- What to do -
After locating the line with "Context: $K$ is" in the data that follows, return it and every later line exactly, up to and including the line with "Import Order.TTheory GRing.Theory Num.Theory.".

- Study material -
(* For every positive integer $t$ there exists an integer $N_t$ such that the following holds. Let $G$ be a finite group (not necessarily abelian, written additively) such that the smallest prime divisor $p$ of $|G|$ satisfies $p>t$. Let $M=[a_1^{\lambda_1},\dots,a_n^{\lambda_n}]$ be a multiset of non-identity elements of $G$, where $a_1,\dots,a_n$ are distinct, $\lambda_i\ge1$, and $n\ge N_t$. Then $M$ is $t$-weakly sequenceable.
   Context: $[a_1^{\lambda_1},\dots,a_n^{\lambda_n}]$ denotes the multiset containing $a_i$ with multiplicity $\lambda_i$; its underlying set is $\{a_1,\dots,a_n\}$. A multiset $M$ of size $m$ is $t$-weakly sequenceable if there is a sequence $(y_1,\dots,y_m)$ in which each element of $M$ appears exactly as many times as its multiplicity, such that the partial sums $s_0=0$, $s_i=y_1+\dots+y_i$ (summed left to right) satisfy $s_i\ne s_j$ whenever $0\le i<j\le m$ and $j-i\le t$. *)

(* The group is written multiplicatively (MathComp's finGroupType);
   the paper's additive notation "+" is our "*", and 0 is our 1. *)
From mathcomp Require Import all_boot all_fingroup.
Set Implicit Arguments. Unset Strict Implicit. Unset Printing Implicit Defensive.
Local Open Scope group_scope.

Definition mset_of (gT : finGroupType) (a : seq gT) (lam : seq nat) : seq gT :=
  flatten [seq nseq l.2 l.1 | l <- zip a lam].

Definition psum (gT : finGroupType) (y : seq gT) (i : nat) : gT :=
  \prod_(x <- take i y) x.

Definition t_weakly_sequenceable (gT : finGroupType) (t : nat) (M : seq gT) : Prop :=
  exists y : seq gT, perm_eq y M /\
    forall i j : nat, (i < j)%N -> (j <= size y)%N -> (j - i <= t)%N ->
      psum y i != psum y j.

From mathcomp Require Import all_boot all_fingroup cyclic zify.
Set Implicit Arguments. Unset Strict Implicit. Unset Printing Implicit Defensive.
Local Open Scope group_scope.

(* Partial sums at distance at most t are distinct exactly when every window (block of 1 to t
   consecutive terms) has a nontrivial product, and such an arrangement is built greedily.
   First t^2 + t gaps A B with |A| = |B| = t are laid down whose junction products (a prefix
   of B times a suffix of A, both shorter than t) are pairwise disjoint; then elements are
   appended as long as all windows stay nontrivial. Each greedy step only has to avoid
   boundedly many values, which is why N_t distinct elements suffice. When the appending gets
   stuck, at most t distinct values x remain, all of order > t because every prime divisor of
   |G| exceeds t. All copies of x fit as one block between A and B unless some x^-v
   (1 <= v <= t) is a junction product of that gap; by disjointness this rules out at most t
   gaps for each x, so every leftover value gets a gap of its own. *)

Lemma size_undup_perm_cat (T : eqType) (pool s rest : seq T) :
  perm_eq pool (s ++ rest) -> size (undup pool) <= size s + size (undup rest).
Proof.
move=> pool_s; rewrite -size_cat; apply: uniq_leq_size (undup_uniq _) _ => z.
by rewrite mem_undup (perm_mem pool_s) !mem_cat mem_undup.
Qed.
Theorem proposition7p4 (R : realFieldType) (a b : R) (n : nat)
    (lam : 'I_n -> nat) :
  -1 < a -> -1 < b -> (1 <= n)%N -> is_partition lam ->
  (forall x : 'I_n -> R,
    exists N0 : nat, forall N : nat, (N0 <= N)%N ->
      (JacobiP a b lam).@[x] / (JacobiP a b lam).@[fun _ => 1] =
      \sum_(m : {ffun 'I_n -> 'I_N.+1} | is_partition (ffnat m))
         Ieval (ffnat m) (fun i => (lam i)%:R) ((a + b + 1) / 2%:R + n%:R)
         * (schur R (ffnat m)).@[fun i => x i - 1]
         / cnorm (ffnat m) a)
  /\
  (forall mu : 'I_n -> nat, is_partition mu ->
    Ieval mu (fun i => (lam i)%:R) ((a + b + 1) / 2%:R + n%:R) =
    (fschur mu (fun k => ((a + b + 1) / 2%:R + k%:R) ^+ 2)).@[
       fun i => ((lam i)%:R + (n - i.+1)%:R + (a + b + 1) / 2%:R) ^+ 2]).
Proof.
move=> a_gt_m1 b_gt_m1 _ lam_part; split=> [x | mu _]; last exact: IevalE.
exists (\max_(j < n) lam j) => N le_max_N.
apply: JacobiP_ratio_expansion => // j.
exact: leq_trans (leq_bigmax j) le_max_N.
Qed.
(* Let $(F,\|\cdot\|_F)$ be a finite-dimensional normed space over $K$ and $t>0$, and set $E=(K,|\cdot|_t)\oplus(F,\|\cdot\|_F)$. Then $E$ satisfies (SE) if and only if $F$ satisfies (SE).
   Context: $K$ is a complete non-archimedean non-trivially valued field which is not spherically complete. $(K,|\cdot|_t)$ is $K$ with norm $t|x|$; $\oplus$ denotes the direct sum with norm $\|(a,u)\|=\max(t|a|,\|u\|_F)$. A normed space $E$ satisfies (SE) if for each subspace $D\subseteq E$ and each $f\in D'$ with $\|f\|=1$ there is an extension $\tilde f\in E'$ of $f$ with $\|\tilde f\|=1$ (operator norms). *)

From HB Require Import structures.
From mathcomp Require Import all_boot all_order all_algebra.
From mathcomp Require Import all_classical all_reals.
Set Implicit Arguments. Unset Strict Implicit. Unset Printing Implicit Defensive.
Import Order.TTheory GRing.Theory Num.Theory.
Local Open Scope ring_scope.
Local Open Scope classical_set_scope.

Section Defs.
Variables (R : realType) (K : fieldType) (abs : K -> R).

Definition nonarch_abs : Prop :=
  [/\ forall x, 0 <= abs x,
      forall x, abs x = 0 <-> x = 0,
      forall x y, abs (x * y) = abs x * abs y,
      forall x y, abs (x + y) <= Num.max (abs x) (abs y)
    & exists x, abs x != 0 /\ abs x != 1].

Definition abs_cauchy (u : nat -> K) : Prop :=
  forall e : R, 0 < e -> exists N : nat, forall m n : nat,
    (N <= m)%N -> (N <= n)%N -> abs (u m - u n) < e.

- Reply to the exercise -
   Context: $K$ is a complete non-archimedean non-trivially valued field which is not spherically complete. $(K,|\cdot|_t)$ is $K$ with norm $t|x|$; $\oplus$ denotes the direct sum with norm $\|(a,u)\|=\max(t|a|,\|u\|_F)$. A normed space $E$ satisfies (SE) if for each subspace $D\subseteq E$ and each $f\in D'$ with $\|f\|=1$ there is an extension $\tilde f\in E'$ of $f$ with $\|\tilde f\|=1$ (operator norms). *)

From HB Require Import structures.
From mathcomp Require Import all_boot all_order all_algebra.
From mathcomp Require Import all_classical all_reals.
Set Implicit Arguments. Unset Strict Implicit. Unset Printing Implicit Defensive.
Import Order.TTheory GRing.Theory Num.Theory.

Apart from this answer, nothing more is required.